转载请注明出处:

https://www.cnblogs.com/darkknightzh/p/12592351.html

论文:

https://arxiv.org/abs/1711.07971

第三方pytorch代码:

https://github.com/AlexHex7/Non-local_pytorch

1. non local操作

该论文定义了通用了non local操作:

${{\mathbf{y}}_{i}}=\frac{1}{C(\mathbf{x})}\sum\limits_{\forall j}{f({{\mathbf{x}}_{i}},{{\mathbf{x}}_{j}})g({{\mathbf{x}}_{j}})}$

其中i为需要计算响应的输出位置的索引,j为所有的位置。x为输入信号(图像,序列,视频等,通常为这些信号的特征),y为个x相同尺寸的输出信号。f为pairwise的函数,f计算当前i和所有j之间的关系,并得到一个标量。一元函数g计算输入信号在位置j的表征。(这段翻译起来怪怪的)。C(x)为归一化系数,用于归一化f和g的结果。

2. non local和其他操作的区别

① non local考虑到了所有的位置j。卷积操作仅考虑了当前位置的一个邻域(如核为3的一维卷积仅考虑了i-1<=j<=i+1);循环操作通常只考虑当前和上一个时间,j=i或j=i-1.

② non local根据不同位置的关系计算响应,fc使用学习到的权重。换言之,fc中,${{\mathbf{x}}_{i}}$和${{\mathbf{x}}_{j}}$之间不是函数关系,而non local中则是函数关系。

③ non local支持输入不同尺寸,并且保持输出和输入相同的尺寸;fc则需要输入和输出均为固定的尺寸,并且丢失了位置关系。

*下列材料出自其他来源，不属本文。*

(* Let $R$ be a conformal superalgebra and let $0\to M\xrightarrow{d_1}N\xrightarrow{d_2}P\to0$ be an exact sequence of $R$-modules such that for every morphism $T:X\to Y$ in this sequence (including $0\to M$ and $P\to 0$), $Y/T(X)$ is a finitely generated torsion-free $\mathbb C[\partial]$-module. Then the dual sequence $0\to P^*\xrightarrow{d_2^*}N^*\xrightarrow{d_1^*}M^*\to0$ is exact.
   Context: A conformal superalgebra $R$ is a $\mathbb Z_2$-graded $\mathbb C[\partial]$-module with a $\mathbb C$-linear $\lambda$-bracket $R\otimes R\to\mathbb C[\lambda]\otimes R$ satisfying $[\partial a_\lambda b]=-\lambda[a_\lambda b]$, $[a_\lambda\partial b]=(\lambda+\partial)[a_\lambda b]$, $[a_\lambda b]=-(-1)^{p(a)p(b)}[b_{-\lambda-\partial}a]$ and $[a_\lambda[b_\mu c]]=[[a_\lambda b]_{\lambda+\mu}c]+(-1)^{p(a)p(b)}[b_\mu[a_\lambda c]]$. An $R$-module $M$ is a $\mathbb Z_2$-graded $\mathbb C[\partial]$-module with a $\lambda$-action $a_\lambda v=\sum_{n\ge0}\frac{\lambda^n}{n!}a_{(n)}v$ satisfying the usual axioms; a morphism $T:M\to N$ of $R$-modules is a linear map with $T(\partial m)=\partial T(m)$ and $T(a_\lambda m)=a_\lambda T(m)$. The conformal dual is $M^*=\{f_\lambda:M\to\mathbb C[\lambda]\mid f_\lambda(\partial m)=\lambda f_\lambda(m)\}$ with $(\partial f)_\lambda(m)=-\lambda f_\lambda(m)$ and $(a_\lambda f)_\mu(m)=-(-1)^{p(a)p(f)}f_{\mu-\lambda}(a_\lambda m)$. The dual morphism $T^*:N^*\to M^*$ is $[T^*(f)]_\lambda(m)=-f_\lambda(T(m))$. *)

From HB Require Import structures.
From mathcomp Require Import all_boot all_order all_algebra.
From mathcomp Require Import complex.
From mathcomp Require Import reals Rstruct.

Set Implicit Arguments.
Unset Strict Implicit.
Unset Printing Implicit Defensive.

Import Order.TTheory GRing.Theory Num.Theory.
Local Open Scope ring_scope.

Notation CC := (Rdefinitions.R[i]).

Definition clinear (U V : lmodType CC) (f : U -> V) : Prop :=
  GRing.linear_for *:%R f.

(* ---------- Z_2-graded C[∂]-modules ----------
   A Z_2-grading V = V_0 (+) V_1 is encoded by the parity involution
   par (par = id on V_0, par = -id on V_1); v is homogeneous of parity
   p : bool iff par v = (-1)^p v.  The action of ∂ is a C-linear
   endomorphism dd preserving the grading. *)
Record gdmod (V : lmodType CC) := GDmod {
  dd : V -> V;
  par : V -> V;
  dd_lin : clinear dd;
  par_lin : clinear par;
  par_invol : forall v, par (par v) = v;
  par_dd : forall v, par (dd v) = dd (par v)
}.

Definition is_hom (V : lmodType CC) (G : gdmod V) (p : bool) (v : V) : Prop :=
  par G v = (-1) ^+ p *: v.

Definition psign (p q : bool) : CC := (-1) ^+ (p && q).

Definition pact (V : lmodType CC) (G : gdmod V) (q : {poly CC}) (v : V) : V :=
  \sum_(i < size q) q`_i *: iter i (dd G) v.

④ non local可以用在网络的早期部分,fc通常用在网络最后。

3. f和g的形式

3.1 g的形式

为简单起见,只考虑g为线性形式,$g({{\mathbf{x}}_{j}})\text{=}{{W}_{g}}{{\mathbf{x}}_{j}}$,${{W}_{g}}$为需要学习的权重向量,在空域可以使用1*1conv实现,在空间时间域(如时间序列的图像)可以通过1*1*1的卷积实现。

3.2 f为gaussian

$f({{\mathbf{x}}_{i}},{{\mathbf{x}}_{j}})\text{=}{{e}^{\mathbf{x}_{i}^{T}{{\mathbf{x}}_{j}}}}$

其中$\mathbf{x}_{i}^{T}{{\mathbf{x}}_{j}}$为点乘,因为点乘在深度学习平台中更易实现(欧式距离也可以)。此时归一化系数$C(\mathbf{x})=\sum\nolimits_{\forall j}{f({{\mathbf{x}}_{i}},{{\mathbf{x}}_{j}})}$

3.3 f为embedded Gaussian

$f({{\mathbf{x}}_{i}},{{\mathbf{x}}_{j}})\text{=}{{e}^{\theta {{({{\mathbf{x}}_{i}})}^{T}}\phi ({{\mathbf{x}}_{j}})}}$

其中$\theta ({{\mathbf{x}}_{i}})\text{=}{{W}_{\theta }}{{\mathbf{x}}_{i}}$,$\phi ({{\mathbf{x}}_{j}})\text{=}{{W}_{\phi }}{{\mathbf{x}}_{j}}$,此时$C(\mathbf{x})=\sum\nolimits_{\forall j}{f({{\mathbf{x}}_{i}},{{\mathbf{x}}_{j}})}$

self attention模块和non local的关系:可以认为self attention为embedded Gaussian的特殊形式,如给定i,$\frac{1}{C(\mathbf{x})}f({{\mathbf{x}}_{i}},{{\mathbf{x}}_{j}})$沿着j维度变成了计算softmax。此时$\mathbf{y}=softmax({{\mathbf{x}}^{T}}W_{\theta }^{T}{{W}_{\phi }}\mathbf{x})g(\mathbf{x})$,即为self attention的形式。

3.4 点乘

f可以定义为点乘的相似度(此处使用embedded的形式):

$f({{\mathbf{x}}_{i}},{{\mathbf{x}}_{j}})\text{=}\theta {{({{\mathbf{x}}_{i}})}^{T}}\phi ({{\mathbf{x}}_{j}})$

此时,归一化系数$C(\mathbf{x})=N$,N为x中所有位置的数量,而不是f的sum,这样可以简化梯度的计算。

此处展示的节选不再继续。